Clinical Staging (Binet Classification)
• Stage A
• No anaemia or thrombocytopenia
• Less than three areas of lymphoid enlargement
• Stage B
• No anaemia or thrombocytopenia
• Three or more areas of lymphoid enlargement
• Stage C
• Anaemia and/or thrombocytopenia present, regardless of the number of areas of
lymphoid enlargement
Lymphoid enlargement includes cervical, axillary, inguinal lymph nodes, liver and spleen.
Q. Outline the clinical features and laboratory diagnosis of hairy cell
leukaemia.
Ans. Clinical features
• Common in patients over 40 years, and more common in males.

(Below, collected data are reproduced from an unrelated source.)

Lemma bounded_axial_position : bounded_seq z.
Proof.
have [byp byq byk] := bounded_deviation.
apply: (@eq_bounded_seq _ (fun n => Phi 0 + (- (τ / (2 * g))) * yq n
  + τ / 2 * yp n + τ * L / (2 * g * A) * yk n)).
  by move=> n; rewrite -(Phi_const n) /Phi; field; rewrite ?g_neq0 ?A_neq0.
move: (Phi 0) => Phi0.
by repeat apply: bounded_seqD; first [exact: bounded_seq_cst | apply: bounded_seqMl].
Qed.

Lemma bounded_axial_velocity : bounded_seq (fun n => c * p n + s * q n).
Proof.
have [byp byq _] := bounded_deviation.
apply: (@eq_bounded_seq _ (fun n => c * yp n + s * yq n - d / 2)).
  by move=> n; rewrite /yp /yq /cgam /sgam; field; rewrite ?gam_neq0 ?g_neq0.
by repeat apply: bounded_seqD; first [exact: bounded_seq_cst | apply: bounded_seqMl].
Qed.

End AxialMotion.

Section Trajectory.
Variables (R : realType) (e : 'cV[R]_3) (Rc r g m f : R).
Variables (a u : nat -> 'cV[R]_3) (U : nat -> 'M[R]_3) (T : nat -> R).
Hypotheses (e_unit : dot e e = 1) (r_gt0 : 0 < r) (r_lt_Rc : r < Rc).
Hypotheses (g_gt0 : 0 < g) (m_gt0 : 0 < m).
Hypothesis traj : noslip_trajectory e Rc r g m (f *: e) a u U T.

Local Notation rho := (Rc - r).
Local Notation nrm k := (nu e (a k)).
Local Notation tng k := (tau e (a k)).
Local Notation vel k := (collision e g r (a k) (u k) (U k)).1.
Local Notation spin k := (collision e g r (a k) (u k) (U k)).2.
Local Notation pos k s := (flight m (f *: e) (a k) (vel k) s).

Let rho_gt0 : 0 < rho. Proof. by rewrite subr_gt0. Qed.
Let m_neq0 : m != 0. Proof. by rewrite gt_eqF. Qed.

• Symptoms are due to pancytopenia (mainly neutropenia and monocytopenia), massive
splenomegaly and bleeding manifestations.
Investigations
• Normocytic normochromic anaemia with leucopenia and thrombocytopenia.
• Peripheral smear shows the characteristic hairy cells (B cells), which have an eccentri-
cally placed nucleus, foamy cytoplasm and hairy cytoplasmic projections. These hairy
cells stain positively for tartrate-resistant acid phosphatase (TRAP).
• Dry tap; biopsy shows fibrosis and infiltration by hairy cells.